Another idea I had with this concept is to make an LLM-proof captcha. Maybe humans can detect the characters in the 'motion' itself, which could be unique to us?

- The captcha would be generated like this on a headless browser, and recorded as a video, which is then served to the user.

- We can make the background also move in random directions, to prevent just detecting which pixels are changing and drawing an outline.

- I tried also having the text itself move (bounce like the DVD logo). Somehow makes it even more readable.

I definitely know nothing about how LLMs interpret video, or optics, so please let me know if this is dumb.

  • squigz 2 days ago

    As if captchas aren't painful enough for visually impaired users...

  • xandrius 2 days ago

    I don't think we need more capable people thinking of silly captchas.

    • ATechGuy a day ago

      Why? stopping LLM crawlers is a need now. We've seen more capable people working for undergrad dropouts.

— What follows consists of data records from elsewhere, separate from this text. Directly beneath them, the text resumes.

(* Let $H$ be a separable complex Hilbert space, $(\Omega,\mu)$ a measure space with positive measure, and let $K\in B(H)$ have closed range. If $F:\Omega\to H$ is a Parseval continuous $K$-frame of $H$, then $K^{\dagger}F$ (i.e. $\omega\mapsto K^{\dagger}F(\omega)$) is a dual continuous $K$-Bessel sequence of $F$.
   Context: A map $F:\Omega\to H$ is weakly measurable if $\omega\mapsto\langle f,F(\omega)\rangle$ is measurable for every $f\in H$. A continuous Bessel sequence is a weakly measurable $G:\Omega\to H$ with $\int_\Omega|\langle f,G(\omega)\rangle|^2\,d\mu(\omega)\le B\|f\|^2$ for all $f\in H$, for some $B>0$. A Parseval continuous $K$-frame is a weakly measurable $F$ with $\int_\Omega|\langle f,F(\omega)\rangle|^2\,d\mu(\omega)=\|K^{\ast}f\|^2$ for all $f\in H$. A dual continuous $K$-Bessel sequence of $F$ is a continuous Bessel sequence $G$ such that $Kf=\int_\Omega\langle f,G(\omega)\rangle F(\omega)\,d\mu(\omega)$ for all $f\in H$ (weak integral). For $K$ with closed range, $K^{\dagger}\in B(H)$ denotes its Moore–Penrose pseudo-inverse, the unique operator with $KK^\dagger K=K$, $K^\dagger KK^\dagger=K^\dagger$, and $KK^\dagger$, $K^\dagger K$ self-adjoint. *)

From HB Require Import structures.
From mathcomp Require Import all_boot all_order all_algebra.
From mathcomp Require Import all_classical all_reals all_analysis.
From mathcomp Require Import complex.
Set Implicit Arguments. Unset Strict Implicit. Unset Printing Implicit Defensive.
Import Order.TTheory GRing.Theory Num.Theory.
Local Open Scope ring_scope.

  • pwdisswordfishz 2 days ago

    Take N screenshots, XOR them pairwise, OR the results, then perform normal OCR.

    • ranger_danger 2 days ago

      Yes but this is prohibitively expensive for a large bot network to employ.

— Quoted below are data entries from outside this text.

Lemma moment_derive (E' : R -> R) (a : R) : 0 < a ->
  (forall t : R, is_derive t 1 E (E' t)) -> (forall t : R, 0 < t -> {for t, continuous E'}) ->
  mu.-integrable itv0y (EFin \o (fun t => t `^ a * E' t)) ->
  moment E' (a + 1) = - (a * moment E a).
Proof.
move=> a_gt0 E_deriv E'_cont E'_int.
pose f t := a * (t `^ (a - 1) * E t) + t `^ a * E' t.
have F_deriv (t : R) : 0 < t -> is_derive t 1 (fun y => y `^ a * E y) (f t).
  move=> t_gt0; apply: is_derive_eq (is_derive_mul (is_derive1_powR a t_gt0) (E_deriv t)) _.
  by rewrite /f mulrA.
have f_cont (t : R) : 0 < t -> {for t, continuous f}.
  move=> t_gt0; apply: continuousD.
    by apply: continuousM; [exact: cvg_cst | exact: moment_integrand_cont].
  by apply: continuousM; [exact: continuous_powR | exact: E'_cont].
have M_int := integrable_moment a_gt0.
have f_int := integrable_itv0yD (integrable_itv0yZ a M_int) E'_int.
have := Rintegral_itv0y_FTC2 f_cont F_deriv f_int (powR_mul_weight_cvg0 a_gt0)
  (powR_mul_weight_cvgy a).
rewrite subrr RintegralD// ?RintegralZl//; last exact: integrable_itv0yZ.
have -> : moment E' (a + 1) = \int[mu]_(t in itv0y) (t `^ a * E' t).
  by apply: eq_Rintegral_itv0y => t _; rewrite addrK.
by move/eqP; rewrite addrC addr_eq0 => /eqP.
Qed.

End weighted_moments.

Lemma Rintegral_itv0y_cbnd (f : R -> R) : mu.-integrable itv0y (EFin \o f) ->
  \int[mu]_(t in `[0%R, +oo[) f t = \int[mu]_(t in itv0y) f t.
Proof. by move=> f_int; rewrite -Rintegral_itv_obnd_cbnd. Qed.

Let expRN_cont : continuous (fun t : R => expR (- t)).
Proof. by move=> t; apply: continuous_comp; [exact: continuousN | exact: continuous_expR]. Qed.

Let expRN_gt0 (t : R) : 0 < t -> 0 < expR (- t).
Proof. by move=> _; exact: expR_gt0. Qed.

Let expRN_le (t : R) : 0 < t -> expR (- t) <= 1 * expR (- t).
Proof. by rewrite mul1r. Qed.

Lemma Gamma_moment (a : R) : 0 < a -> Gamma a = moment (fun t => expR (- t)) a.
Proof.
move=> a_gt0; rewrite /Gamma Rintegral_itv0y_cbnd//.
exact: (integrable_moment expRN_cont expRN_gt0 expRN_le).
Qed.

Lemma Gamma_gt0 (a : R) : 0 < a -> 0 < Gamma a.
Proof.
move=> a_gt0; rewrite Gamma_moment//.
exact: (moment_gt0 expRN_cont expRN_gt0 expRN_le).
Qed.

      Wasn't that the whole point of Anubis?

andai 2 days ago

Neat! I've seen stuff like this that works as a magic eye thing. So you cross your eyes (or make them parallel, depending on the type of image) and it makes a 3d animation appear in front of the page.

  • cal85 2 days ago

    I’d like to see an example!

jerf 2 days ago

On my Chrome-descended browser, the initial screen is populated by something that appears to be some sort of downsampled grid image, resulting in black and white, but also various shades of grey. However the scrolling text is pure black and white. It also seems the canvas is persistent, so the result is that text on the canvas is leaving a shadow for me, where I can still read the shadow. Somehow the initial noise is not coming out as just black and white pixels.

Izkata 2 days ago

Firefox on Android seems to just be a static image, I can't see any text.

  • creatonez 2 days ago

    Probably the result of canvas fingerprinting protection configured in your `about:config`? With a default profile it seems to work fine on Firefox for Android.

    • Izkata 2 days ago

      I haven't changed any of that on here.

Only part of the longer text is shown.